▶ **Saved entries**:
-----

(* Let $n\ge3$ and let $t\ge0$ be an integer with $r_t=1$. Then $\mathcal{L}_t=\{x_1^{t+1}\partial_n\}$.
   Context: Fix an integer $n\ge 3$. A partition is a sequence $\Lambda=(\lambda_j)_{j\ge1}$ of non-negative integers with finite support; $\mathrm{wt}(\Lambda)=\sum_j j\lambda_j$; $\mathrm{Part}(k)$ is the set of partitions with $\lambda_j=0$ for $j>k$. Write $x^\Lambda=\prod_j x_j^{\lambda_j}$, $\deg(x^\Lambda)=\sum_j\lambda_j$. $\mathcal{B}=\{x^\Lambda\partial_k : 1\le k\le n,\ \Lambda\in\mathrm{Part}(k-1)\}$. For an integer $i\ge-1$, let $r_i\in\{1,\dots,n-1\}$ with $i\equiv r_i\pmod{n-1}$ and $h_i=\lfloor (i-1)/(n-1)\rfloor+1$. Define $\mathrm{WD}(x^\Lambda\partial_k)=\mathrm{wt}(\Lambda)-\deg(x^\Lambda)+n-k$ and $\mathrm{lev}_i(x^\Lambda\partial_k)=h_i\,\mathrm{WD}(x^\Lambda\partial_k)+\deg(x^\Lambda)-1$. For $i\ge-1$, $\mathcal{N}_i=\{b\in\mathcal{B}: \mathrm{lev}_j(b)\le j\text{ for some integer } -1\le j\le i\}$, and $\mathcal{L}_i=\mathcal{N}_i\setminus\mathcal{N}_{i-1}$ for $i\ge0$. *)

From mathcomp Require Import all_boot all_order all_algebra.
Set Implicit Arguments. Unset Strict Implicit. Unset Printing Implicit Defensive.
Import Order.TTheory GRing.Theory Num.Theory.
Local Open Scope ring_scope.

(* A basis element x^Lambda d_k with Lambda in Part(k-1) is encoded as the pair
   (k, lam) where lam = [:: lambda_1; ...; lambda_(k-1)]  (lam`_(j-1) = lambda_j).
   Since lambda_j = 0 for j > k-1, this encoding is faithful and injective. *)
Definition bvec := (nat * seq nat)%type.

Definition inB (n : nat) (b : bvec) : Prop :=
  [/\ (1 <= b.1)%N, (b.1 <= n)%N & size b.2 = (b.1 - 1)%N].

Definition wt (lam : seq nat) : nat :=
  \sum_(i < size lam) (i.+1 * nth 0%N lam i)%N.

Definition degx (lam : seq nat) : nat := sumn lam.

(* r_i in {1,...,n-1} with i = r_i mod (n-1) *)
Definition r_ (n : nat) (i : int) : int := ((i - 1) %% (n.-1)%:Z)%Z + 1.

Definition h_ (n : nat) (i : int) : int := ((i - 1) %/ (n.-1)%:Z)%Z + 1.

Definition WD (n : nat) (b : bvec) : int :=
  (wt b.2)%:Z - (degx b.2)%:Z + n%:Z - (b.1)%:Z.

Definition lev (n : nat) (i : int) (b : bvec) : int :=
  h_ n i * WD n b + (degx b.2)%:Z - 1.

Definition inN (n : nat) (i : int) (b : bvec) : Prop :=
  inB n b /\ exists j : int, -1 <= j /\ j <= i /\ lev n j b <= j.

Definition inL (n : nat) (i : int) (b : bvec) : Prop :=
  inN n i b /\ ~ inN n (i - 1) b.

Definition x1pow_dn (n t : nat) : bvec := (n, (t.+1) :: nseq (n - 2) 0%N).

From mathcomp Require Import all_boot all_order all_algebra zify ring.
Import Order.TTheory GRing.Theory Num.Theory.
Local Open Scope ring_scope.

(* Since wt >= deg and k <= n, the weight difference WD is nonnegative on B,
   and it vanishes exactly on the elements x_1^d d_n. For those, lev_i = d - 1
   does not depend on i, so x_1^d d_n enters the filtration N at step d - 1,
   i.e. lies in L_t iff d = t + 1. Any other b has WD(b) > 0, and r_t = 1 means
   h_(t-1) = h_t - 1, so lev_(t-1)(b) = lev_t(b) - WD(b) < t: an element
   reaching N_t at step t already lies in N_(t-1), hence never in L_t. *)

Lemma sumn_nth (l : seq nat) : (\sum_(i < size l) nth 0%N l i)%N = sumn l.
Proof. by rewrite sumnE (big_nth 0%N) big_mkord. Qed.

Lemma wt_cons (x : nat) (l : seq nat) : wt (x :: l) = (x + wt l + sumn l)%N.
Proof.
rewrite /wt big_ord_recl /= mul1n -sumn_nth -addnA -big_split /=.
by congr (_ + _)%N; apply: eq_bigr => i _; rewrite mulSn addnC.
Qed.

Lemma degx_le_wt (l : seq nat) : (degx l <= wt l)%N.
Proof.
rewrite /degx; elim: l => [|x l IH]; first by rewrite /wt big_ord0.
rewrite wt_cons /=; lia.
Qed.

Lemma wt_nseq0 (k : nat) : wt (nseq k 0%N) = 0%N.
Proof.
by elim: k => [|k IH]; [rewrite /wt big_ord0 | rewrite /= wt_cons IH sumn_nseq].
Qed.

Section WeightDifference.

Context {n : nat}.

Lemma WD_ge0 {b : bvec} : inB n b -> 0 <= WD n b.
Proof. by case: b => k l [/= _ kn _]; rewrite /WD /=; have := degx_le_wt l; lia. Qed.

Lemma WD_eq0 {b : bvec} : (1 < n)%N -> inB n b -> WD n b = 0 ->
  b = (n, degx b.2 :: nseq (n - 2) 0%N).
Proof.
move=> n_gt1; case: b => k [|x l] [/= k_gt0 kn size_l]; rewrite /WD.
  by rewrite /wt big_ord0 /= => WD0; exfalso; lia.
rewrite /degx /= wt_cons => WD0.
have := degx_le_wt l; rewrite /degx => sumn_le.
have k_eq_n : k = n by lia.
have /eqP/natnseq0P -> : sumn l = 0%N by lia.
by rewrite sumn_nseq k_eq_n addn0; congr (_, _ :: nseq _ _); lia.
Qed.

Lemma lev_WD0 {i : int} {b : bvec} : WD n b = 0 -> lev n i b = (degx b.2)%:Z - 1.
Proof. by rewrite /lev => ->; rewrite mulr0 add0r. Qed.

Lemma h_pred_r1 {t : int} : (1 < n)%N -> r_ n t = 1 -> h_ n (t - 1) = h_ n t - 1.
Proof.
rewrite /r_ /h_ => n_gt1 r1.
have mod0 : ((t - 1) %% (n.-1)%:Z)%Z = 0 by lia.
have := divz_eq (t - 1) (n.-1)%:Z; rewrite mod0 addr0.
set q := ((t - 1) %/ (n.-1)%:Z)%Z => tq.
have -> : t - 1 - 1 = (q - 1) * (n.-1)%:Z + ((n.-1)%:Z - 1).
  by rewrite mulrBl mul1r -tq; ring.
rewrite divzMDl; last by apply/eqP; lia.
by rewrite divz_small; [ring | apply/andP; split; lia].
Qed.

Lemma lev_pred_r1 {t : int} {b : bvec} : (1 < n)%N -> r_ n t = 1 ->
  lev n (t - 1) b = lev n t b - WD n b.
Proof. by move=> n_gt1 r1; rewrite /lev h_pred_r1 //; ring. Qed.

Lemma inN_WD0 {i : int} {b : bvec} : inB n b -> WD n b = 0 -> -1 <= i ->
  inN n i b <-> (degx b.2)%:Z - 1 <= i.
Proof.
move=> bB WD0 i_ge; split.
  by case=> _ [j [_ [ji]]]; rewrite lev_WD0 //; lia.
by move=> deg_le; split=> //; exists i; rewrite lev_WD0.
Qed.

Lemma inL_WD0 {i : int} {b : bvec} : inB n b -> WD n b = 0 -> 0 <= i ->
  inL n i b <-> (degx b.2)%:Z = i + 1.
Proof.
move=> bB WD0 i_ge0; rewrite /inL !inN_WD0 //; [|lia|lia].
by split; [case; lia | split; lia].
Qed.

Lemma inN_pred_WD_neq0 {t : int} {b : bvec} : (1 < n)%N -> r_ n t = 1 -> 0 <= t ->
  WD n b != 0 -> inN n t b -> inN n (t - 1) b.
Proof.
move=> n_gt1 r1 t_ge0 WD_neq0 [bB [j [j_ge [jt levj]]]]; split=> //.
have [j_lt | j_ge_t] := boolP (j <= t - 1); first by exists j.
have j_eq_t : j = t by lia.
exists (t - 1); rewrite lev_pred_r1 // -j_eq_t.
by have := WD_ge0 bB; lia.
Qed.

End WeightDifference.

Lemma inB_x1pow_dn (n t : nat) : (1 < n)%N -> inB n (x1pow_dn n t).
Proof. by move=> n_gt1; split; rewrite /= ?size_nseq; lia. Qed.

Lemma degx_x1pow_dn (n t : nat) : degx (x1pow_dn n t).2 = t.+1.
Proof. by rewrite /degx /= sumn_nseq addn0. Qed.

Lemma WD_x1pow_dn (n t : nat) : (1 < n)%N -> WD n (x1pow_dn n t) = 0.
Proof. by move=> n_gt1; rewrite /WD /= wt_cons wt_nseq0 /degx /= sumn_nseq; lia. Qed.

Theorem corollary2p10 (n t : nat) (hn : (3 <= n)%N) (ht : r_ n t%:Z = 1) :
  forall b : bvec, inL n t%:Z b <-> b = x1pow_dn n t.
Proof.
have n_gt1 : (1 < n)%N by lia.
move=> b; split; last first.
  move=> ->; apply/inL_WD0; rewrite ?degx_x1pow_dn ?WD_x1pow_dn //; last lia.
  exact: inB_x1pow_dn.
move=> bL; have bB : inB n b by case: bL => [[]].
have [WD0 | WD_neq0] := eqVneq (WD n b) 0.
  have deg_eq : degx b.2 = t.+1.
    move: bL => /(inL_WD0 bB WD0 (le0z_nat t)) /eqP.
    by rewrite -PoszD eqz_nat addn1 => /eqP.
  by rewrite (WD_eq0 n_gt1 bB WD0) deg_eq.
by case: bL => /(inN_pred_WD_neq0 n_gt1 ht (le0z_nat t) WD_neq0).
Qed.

-----

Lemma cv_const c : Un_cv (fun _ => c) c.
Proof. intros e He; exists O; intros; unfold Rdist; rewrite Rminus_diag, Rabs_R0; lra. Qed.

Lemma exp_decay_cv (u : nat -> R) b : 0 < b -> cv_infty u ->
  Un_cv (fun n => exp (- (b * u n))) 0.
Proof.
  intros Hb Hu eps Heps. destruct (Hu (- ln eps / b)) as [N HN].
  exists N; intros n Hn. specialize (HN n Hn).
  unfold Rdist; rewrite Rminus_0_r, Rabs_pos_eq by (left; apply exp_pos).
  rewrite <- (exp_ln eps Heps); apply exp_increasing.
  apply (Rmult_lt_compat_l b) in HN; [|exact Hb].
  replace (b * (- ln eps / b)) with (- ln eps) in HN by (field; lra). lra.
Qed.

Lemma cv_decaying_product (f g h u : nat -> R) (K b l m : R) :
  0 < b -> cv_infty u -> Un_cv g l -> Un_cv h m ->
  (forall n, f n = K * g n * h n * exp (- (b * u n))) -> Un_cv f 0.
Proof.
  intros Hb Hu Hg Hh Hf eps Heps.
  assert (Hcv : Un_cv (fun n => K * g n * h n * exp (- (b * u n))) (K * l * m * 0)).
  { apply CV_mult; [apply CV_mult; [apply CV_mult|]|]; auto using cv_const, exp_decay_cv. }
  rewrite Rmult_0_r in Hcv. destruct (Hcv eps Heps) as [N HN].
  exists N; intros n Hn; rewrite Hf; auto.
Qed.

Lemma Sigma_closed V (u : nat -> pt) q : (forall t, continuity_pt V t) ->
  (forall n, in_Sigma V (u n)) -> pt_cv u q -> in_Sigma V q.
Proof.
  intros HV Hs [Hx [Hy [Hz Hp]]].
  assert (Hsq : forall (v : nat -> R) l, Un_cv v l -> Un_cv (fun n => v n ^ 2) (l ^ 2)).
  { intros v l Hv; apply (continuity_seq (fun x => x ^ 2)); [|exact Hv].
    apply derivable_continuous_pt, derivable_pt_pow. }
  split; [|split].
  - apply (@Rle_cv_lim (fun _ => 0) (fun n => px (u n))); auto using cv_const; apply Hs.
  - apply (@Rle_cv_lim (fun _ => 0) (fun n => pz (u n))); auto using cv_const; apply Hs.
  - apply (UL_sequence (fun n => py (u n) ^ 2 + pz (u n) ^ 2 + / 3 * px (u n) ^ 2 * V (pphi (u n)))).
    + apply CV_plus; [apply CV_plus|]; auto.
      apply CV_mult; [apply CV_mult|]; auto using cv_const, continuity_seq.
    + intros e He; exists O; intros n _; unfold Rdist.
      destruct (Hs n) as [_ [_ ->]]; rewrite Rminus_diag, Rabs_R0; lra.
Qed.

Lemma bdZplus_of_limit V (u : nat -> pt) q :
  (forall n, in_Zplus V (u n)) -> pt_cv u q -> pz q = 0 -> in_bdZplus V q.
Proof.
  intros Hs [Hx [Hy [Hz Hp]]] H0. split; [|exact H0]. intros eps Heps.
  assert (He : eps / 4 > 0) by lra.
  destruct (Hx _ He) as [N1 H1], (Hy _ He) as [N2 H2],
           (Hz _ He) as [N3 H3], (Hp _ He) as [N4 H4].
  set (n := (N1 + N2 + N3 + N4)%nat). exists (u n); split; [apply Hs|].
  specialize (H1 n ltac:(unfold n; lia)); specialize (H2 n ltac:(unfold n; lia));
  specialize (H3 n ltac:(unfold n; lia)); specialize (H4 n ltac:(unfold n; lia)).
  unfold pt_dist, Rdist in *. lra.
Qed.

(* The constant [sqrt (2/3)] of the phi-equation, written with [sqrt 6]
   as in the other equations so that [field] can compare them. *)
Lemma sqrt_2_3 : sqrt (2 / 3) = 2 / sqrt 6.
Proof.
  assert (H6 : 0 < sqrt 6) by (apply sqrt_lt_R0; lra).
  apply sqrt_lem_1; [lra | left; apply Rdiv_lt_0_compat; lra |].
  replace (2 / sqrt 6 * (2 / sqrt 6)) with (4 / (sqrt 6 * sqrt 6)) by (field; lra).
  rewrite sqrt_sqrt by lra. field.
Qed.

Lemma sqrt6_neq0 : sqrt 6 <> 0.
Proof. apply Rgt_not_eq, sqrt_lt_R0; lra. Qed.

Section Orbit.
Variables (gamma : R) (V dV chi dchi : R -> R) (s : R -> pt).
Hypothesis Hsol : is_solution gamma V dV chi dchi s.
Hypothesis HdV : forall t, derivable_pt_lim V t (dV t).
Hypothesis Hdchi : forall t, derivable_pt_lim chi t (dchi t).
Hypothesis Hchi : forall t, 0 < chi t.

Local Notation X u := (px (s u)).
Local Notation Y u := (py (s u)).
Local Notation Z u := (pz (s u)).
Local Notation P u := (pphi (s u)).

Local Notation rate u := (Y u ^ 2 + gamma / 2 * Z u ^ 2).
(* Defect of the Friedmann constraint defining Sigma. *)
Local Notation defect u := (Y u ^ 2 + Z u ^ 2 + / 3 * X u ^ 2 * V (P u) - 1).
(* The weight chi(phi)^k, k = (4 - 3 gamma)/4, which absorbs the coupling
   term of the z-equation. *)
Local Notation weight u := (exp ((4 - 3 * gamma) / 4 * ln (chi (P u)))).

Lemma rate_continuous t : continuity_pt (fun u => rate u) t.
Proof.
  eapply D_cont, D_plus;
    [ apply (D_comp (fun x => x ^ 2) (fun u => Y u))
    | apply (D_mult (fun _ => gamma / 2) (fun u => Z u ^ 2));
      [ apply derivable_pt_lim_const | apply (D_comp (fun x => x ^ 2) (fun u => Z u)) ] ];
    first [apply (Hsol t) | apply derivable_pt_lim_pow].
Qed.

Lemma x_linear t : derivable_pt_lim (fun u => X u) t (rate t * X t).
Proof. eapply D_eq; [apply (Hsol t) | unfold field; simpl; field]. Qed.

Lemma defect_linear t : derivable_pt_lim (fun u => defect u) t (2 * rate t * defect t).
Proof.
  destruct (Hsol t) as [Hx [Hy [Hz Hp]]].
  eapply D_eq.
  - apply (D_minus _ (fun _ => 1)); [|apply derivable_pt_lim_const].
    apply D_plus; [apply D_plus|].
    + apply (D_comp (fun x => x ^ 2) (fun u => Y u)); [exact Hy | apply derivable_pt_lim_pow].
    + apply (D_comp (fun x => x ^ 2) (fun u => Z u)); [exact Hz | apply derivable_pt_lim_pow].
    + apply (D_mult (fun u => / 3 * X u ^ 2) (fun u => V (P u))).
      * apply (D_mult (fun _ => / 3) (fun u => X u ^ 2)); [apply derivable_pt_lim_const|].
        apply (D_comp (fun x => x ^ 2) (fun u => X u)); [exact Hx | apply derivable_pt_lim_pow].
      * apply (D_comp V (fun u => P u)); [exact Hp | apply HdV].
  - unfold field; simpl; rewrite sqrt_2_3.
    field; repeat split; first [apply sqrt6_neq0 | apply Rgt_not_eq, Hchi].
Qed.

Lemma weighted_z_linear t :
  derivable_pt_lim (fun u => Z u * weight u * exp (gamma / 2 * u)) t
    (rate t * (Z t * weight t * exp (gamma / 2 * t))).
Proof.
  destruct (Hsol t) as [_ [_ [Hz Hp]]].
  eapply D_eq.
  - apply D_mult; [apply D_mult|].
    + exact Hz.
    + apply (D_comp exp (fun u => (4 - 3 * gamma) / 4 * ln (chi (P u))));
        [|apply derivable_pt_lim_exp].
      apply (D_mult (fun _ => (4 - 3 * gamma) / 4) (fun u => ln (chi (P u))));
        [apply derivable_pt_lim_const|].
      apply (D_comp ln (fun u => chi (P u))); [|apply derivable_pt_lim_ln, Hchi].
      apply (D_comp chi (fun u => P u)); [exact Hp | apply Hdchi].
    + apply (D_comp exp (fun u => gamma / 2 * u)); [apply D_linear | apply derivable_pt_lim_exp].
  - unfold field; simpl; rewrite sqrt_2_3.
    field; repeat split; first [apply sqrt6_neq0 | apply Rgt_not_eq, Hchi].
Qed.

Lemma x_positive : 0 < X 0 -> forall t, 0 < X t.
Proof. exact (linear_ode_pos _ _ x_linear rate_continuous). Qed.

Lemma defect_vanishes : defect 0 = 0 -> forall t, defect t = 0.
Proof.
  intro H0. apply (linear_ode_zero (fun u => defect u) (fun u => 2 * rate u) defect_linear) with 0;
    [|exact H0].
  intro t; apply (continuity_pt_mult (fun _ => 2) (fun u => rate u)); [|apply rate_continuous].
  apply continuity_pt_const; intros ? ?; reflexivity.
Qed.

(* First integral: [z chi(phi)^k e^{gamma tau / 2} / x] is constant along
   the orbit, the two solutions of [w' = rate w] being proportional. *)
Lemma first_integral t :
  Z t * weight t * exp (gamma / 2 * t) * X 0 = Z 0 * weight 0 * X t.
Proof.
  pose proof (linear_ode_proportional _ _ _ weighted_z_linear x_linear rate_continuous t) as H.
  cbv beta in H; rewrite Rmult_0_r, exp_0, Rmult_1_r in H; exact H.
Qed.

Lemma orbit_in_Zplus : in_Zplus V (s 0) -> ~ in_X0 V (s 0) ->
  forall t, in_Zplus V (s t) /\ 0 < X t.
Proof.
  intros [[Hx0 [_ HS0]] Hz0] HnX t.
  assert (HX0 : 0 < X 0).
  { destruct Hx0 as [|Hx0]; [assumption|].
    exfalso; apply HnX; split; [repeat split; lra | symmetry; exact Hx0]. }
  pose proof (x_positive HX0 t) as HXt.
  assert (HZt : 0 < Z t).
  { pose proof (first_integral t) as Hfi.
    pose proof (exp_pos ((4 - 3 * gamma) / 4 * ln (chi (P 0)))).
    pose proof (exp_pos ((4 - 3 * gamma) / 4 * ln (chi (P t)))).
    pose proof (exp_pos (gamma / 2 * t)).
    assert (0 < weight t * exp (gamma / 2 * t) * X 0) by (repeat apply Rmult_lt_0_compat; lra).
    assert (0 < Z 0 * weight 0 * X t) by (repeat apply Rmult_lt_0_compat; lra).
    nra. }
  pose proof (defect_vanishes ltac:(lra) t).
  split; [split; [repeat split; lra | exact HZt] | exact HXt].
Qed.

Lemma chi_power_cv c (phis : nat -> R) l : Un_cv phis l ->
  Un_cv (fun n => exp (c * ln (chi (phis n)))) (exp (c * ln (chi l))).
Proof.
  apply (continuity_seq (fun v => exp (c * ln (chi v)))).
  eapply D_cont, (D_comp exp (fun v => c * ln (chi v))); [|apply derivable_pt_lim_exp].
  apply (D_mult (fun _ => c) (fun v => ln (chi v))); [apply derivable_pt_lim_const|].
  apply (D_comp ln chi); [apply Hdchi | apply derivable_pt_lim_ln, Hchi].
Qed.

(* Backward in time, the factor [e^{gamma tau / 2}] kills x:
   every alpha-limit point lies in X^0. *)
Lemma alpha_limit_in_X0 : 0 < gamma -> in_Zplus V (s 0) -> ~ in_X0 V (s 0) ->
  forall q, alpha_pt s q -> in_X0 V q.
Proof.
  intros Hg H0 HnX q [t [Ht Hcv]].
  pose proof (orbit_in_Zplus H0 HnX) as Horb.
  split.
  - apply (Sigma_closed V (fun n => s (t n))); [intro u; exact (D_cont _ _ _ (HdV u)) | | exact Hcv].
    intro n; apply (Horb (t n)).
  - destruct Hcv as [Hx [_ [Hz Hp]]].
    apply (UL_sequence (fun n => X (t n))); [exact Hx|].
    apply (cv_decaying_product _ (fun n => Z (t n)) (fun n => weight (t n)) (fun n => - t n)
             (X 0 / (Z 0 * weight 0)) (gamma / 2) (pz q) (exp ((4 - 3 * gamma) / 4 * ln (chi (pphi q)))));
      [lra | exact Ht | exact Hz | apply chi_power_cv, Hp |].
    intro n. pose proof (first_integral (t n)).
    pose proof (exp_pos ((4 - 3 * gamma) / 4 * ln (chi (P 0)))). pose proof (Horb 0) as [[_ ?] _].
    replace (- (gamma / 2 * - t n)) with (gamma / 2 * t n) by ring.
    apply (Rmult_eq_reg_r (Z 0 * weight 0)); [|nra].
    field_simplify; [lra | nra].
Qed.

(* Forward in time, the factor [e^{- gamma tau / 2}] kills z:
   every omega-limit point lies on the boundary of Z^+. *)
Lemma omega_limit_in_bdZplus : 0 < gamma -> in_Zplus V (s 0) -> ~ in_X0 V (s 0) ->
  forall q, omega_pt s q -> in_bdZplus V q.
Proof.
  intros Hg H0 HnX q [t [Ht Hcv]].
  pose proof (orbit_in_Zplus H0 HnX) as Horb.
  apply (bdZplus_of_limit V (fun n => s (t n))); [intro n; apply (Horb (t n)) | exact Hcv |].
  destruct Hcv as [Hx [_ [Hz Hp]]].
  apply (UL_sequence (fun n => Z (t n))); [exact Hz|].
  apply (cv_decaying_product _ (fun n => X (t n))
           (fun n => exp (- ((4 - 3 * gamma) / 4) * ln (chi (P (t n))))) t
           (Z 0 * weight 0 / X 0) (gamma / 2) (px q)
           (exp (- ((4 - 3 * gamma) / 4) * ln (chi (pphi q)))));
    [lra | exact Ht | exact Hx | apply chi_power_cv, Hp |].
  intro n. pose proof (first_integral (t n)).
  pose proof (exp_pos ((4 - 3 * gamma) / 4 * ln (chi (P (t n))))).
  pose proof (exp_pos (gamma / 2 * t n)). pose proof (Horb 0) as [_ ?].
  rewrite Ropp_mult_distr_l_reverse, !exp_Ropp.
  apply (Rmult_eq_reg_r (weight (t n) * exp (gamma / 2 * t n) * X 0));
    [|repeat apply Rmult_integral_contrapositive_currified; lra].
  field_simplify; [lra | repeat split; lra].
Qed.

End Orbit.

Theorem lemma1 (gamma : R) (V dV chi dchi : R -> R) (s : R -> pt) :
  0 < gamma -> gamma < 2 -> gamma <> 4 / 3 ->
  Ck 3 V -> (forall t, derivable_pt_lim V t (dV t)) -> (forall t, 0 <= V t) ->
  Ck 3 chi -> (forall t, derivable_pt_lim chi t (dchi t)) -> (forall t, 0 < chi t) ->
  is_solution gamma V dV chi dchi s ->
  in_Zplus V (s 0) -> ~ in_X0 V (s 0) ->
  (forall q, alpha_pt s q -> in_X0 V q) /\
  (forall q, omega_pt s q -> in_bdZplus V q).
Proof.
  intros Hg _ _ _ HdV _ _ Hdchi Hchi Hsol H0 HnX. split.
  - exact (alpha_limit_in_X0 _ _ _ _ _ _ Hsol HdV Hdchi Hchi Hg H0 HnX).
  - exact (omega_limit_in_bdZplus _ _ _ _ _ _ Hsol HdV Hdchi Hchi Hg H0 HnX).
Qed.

-----

▶ **WORK INSTRUCTIONS**:
Go through the data and show every line where "Notation" occurs.

▶ **THE ANSWER**:
Local Notation X u := (px (s u)).
Local Notation Y u := (py (s u)).
Local Notation Z u := (pz (s u)).
Local Notation P u := (pphi (s u)).
Local Notation rate u := (Y u ^ 2 + gamma / 2 * Z u ^ 2).
Local Notation defect u := (Y u ^ 2 + Z u ^ 2 + / 3 * X u ^ 2 * V (P u) - 1).
Local Notation weight u := (exp ((4 - 3 * gamma) / 4 * ln (chi (P u)))).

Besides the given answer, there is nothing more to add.